Draw an arrow with text label

This is the easiest part in drawing a block diagram in LaTeX. We need to connect anchors of different nodes. Let's start by drawing an arrow between the sum and the controller blocks:


\draw[-stealth] (sum.east) -- (controller.west) 
	node[midway,above]{$e$};

This line of code draws a line from (sum.east) to (controller.west). The line ends with an arrowhead of stealth type (For more arrow tips, check the post Exploring TikZ Arrows) . We added a label to the arrow using a node command, the label is positioned at the above the middle of the distance between two blocks. This has been achieved using midway option. The next table provides more details about positioning along a path:

Placing Nodes on a line or a curve

We can do the same between the controller block and the system block:


\draw[-stealth] (controller.east) -- (system.west) 
	node[midway,above]{$u$};

For the output of the system, we will draw an arrow with 1.25cm length and we save the node at the middle of the arrow to use it for connecting the output with sensor block. Here is the corresponding code:


\draw[-stealth] (system.east) -- ++ (1.25,0) 
	node[midway](output){}
	node[midway,above]{$y$};

The node is named (output) and we will draw a line from its center (output.center) to the (sensor.east) with a perpendicular lines.

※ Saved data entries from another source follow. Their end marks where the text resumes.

(* Let $(\mathcal{A}_\Lambda,\partial_\Lambda)$ and $(\mathcal{A}'_\Lambda,\partial'_\Lambda)$ be filtered Chekanov–Eliashberg DGAs generated by $q_1,\dots,q_n$ and $q_1',\dots,q_n'$ with height filtrations $h,h'$. Let $\bar\phi:(\mathcal{A}_\Lambda,\partial_\Lambda)\to(\mathcal{A}_\Lambda,\partial_\Lambda)$ be a composition of semimonotonic elementary automorphisms, and let $\sigma:\mathcal{A}_\Lambda\to\mathcal{A}'_\Lambda$, $\sigma(q_i)=q_i'$, be a DGA isomorphism such that $\delta\ge\max_i|h'(\sigma(q_i))-h(q_i)|$. Let $\epsilon$ be an augmentation of $\mathcal{A}_\Lambda$ and $\epsilon'=\epsilon\circ\phi^{-1}$. Then $\phi=\sigma\circ\bar\phi$ induces a $2\delta$-interleaving \[ (\phi_1^{\epsilon,\bullet})_\ast: F^\bullet\mathrm{LCH}^\epsilon_\ast(\Lambda)\to F^{\bullet+\delta}\mathrm{LCH}^{\epsilon'}_\ast(\Lambda'). \]
   Context: A filtered Chekanov–Eliashberg DGA is a Chekanov–Eliashberg DGA (free noncommutative graded algebra over $\mathbb{Z}_2$ on generators, with differential) together with heights $h(q_i)>0$, extended by $h(\text{word})=$ sum of letter heights and $h(\text{sum})=$ max, such that the differential strictly decreases height. An augmentation is an algebra map to $\mathbb{Z}_2$ vanishing in nonzero degrees and killing the image of the differential; $\partial_1^\epsilon$ is the linearized differential on the vector space spanned by the generators. $F^\bullet\mathrm{LCH}^\epsilon_\ast(\Lambda)$ is the persistence module $t\mapsto H_\ast(A^t,\partial_1^\epsilon)$, where $A^t$ is spanned by generators of height $\le t$, with transfer maps induced by inclusion. An elementary automorphism is a chain map $q_j\mapsto q_j+u$, $q_i\mapsto q_i$ ($i\ne j$), $u$ not involving $q_j$; it is semimonotonic if $u$ is a (sum of) word(s) in generators of height strictly less than $h(q_j)$. A $2\delta$-interleaving of persistence modules $U^\bullet,V^\bullet$ consists of maps $\varphi^t:U^t\to V^{t+\delta}$, $\psi^t:V^t\to U^{t+\delta}$ commuting with transfer maps, with $\psi^{t+\delta}\varphi^t$ and $\varphi^{t+\delta}\psi^t$ equal to the transfer maps from $t$ to $t+2\delta$. *)

From HB Require Import structures.
From mathcomp Require Import all_boot all_order all_algebra.
Set Implicit Arguments. Unset Strict Implicit. Unset Printing Implicit Defensive.
Import Order.TTheory GRing.Theory Num.Theory.
Local Open Scope ring_scope.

To achieve the later, we use |- (vertical then straight line) instead of --. 


\draw[-stealth] (output.center) |- (sensor.east);
\draw[-stealth] (sensor.west) -| (sum.south) 
	node[near end,left]{$y_m$};

The west anchor of the sensor is connected with the south of the sum node using the path operation -| (straight then vertical line).

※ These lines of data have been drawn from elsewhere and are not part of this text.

(* Let $X$ have a pdf $f$ satisfying Conditions (A) and (B) below, and let $D>0$. Let $H^*(D)=\inf\{H[Q(X)]: D(Q)\le D\}$ and $A^*(D)=\inf\{\mathrm{AoI}(S_{\mathrm z},Q,F^* ): D(Q)\le D\}$, both infima taken over quantizers. Then $$\tfrac32 H^*(D)\le A^*(D),$$ and, for any $\delta>0$ with $D(Q_{\mathrm{uni}}^\delta)\le D$, $$A^*(D)\le \mathrm{AoI}(S_{\mathrm z},Q_{\mathrm{uni}}^\delta,F_{\mathrm s}).$$
   Context: Let $X$ be a real random variable with pdf $f$. Condition (A): $f$ is continuous and differentiable, and its support is a bounded interval $I$. Condition (B): $\int_I f\log_2^2 f\,dx$ and $-\int_I f\log_2 f\,dx$ exist and are finite. Quantizers. A quantizer $Q$ partitions $I$ into intervals $[a_{i-1},a_i]$ with representation points $c_i$. Write $p_i=P(X\in[a_{i-1},a_i])$. The output entropy is $H[Q(X)]=-\sum_ip_i\log_2p_i$, and the distortion is $D(Q)=\sum_i\int_{a_{i-1}}^{a_i}(x-c_i)^2f(x)\,dx$. The uniform quantizer $Q_{\mathrm{uni}}^\delta$ partitions $I$ into consecutive cells of length $\delta$, with midpoint representation points. Codes. A real-valued code assigns lengths $l_i\in\mathbb R^+$ to the cells, subject to $\sum_i2^{-l_i}\le1$. The random codeword length is $L=l_i$ when $X$ is in cell $i$. Objective. Under zero-wait sampling, $\mathrm{AoI}(S_{\mathrm z},Q,l)=\frac{E[L^2]}{2E[L]}+E[L]$, and $\mathrm{AoI}(S_{\mathrm z},Q,F^* )=\inf_l\mathrm{AoI}(S_{\mathrm z},Q,l)$, the infimum over real-valued codes. $F_{\mathrm s}$ denotes the real-valued Shannon code $l_i=-\log_2p_i$. *)

From Stdlib Require Import Reals List.
From Coquelicot Require Import Coquelicot.
Open Scope R_scope.

(* base-2 logarithm; note Stdlib's ln 0 = 0, so p * log2 p = 0 at p = 0
   (the usual 0 log 0 = 0 convention). *)
Definition log2 (x : R) : R := ln x / ln 2.

Definition sumN (N : nat) (g : nat -> R) : R :=
  fold_right (fun i acc => g i + acc) 0 (seq 0 N).

Definition is_pdf_on (f : R -> R) (a b : R) : Prop :=
  a < b /\
  (forall x, 0 <= f x) /\
  (forall x, (x < a \/ b < x) -> f x = 0) /\
  (* the support (closure of {f > 0}) is all of [a,b] *)
  (forall x y, a <= x -> x < y -> y <= b -> exists z, x < z < y /\ 0 < f z) /\
  ex_RInt f a b /\ RInt f a b = 1.

(* Condition (A): f continuous and differentiable on I (one-sided at the
   endpoints), support a bounded interval I = [a,b]. *)
Definition condA (f : R -> R) (a b : R) : Prop :=
  is_pdf_on f a b /\
  (forall x, a <= x <= b ->
     filterlim f (within (fun y => a <= y <= b) (locally x)) (locally (f x))) /\
  (forall x, a <= x <= b -> exists l : R,
     filterlim (fun y => (f y - f x) / (y - x))
       (within (fun y => a <= y <= b /\ y <> x) (locally x)) (locally l)).

Definition condB (f : R -> R) (a b : R) : Prop :=
  ex_RInt (fun x => f x * (log2 (f x)) ^ 2) a b /\
  ex_RInt (fun x => f x * log2 (f x)) a b.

The input reference corresponds to a labeled arrow which can be drawn with the same manner as the output arrow.

Here is the Final code of the latex block diagram:

\documentclass[border=0.2cm]{standalone}

% More defined colors
\usepackage[dvipsnames]{xcolor}

% Required package
\usepackage{tikz}
\usetikzlibrary{positioning}


\begin{document}

\begin{tikzpicture}

% Sum shape
\node[draw,
	circle,
	minimum size=0.6cm,
	fill=Rhodamine!50
] (sum) at (0,0){};

\draw (sum.north east) -- (sum.south west)
	(sum.north west) -- (sum.south east);

\draw (sum.north east) -- (sum.south west)
(sum.north west) -- (sum.south east);

\node[left=-1pt] at (sum.center){\tiny $+$};
\node[below] at (sum.center){\tiny $-$};

% Controller
\node [draw,
	fill=Goldenrod,
	minimum width=2cm,
	minimum height=1.2cm,
	right=1cm of sum
]  (controller) {$C(s)$};

% System H(s)
\node [draw,
	fill=SpringGreen, 
	minimum width=2cm, 
	minimum height=1.2cm,
	right=1.5cm of controller
] (system) {$H(s)$};

% Sensor block
\node [draw,
	fill=SeaGreen, 
	minimum width=2cm, 
	minimum height=1.2cm, 
	below right= 1cm and -0.25cm of controller
]  (sensor) {$G(s)$};

% Arrows with text label
\draw[-stealth] (sum.east) -- (controller.west)
	node[midway,above]{$e$};

\draw[-stealth] (controller.east) -- (system.west) 
	node[midway,above]{$u$};

\draw[-stealth] (system.east) -- ++ (1.25,0) 
	node[midway](output){}node[midway,above]{$y$};

\draw[-stealth] (output.center) |- (sensor.east);

\draw[-stealth] (sensor.west) -| (sum.south) 
	node[near end,left]{$y_m$};

\draw (sum.west) -- ++(-1,0) 
	node[midway,above]{$y_{ref}$};


\end{tikzpicture}

\end{document}
block diagram in LaTeX using TikZ

Optimize the code with tikzstyle command

You may remarked that all rectangular blocks have the same dimension characteristics and to avoid repeating these options: draw, minimum width=2cm, minimum height=1.2cm, we can create a style with these options using the \tikzstyle command as follows:


\tikzstyle{block} = [
	draw,
	minimum width=2cm,
	minimum height=1.2cm
]


We named the style as block and we can use it as an option in all different node commands corresponding to the controller, system and sensor blocks.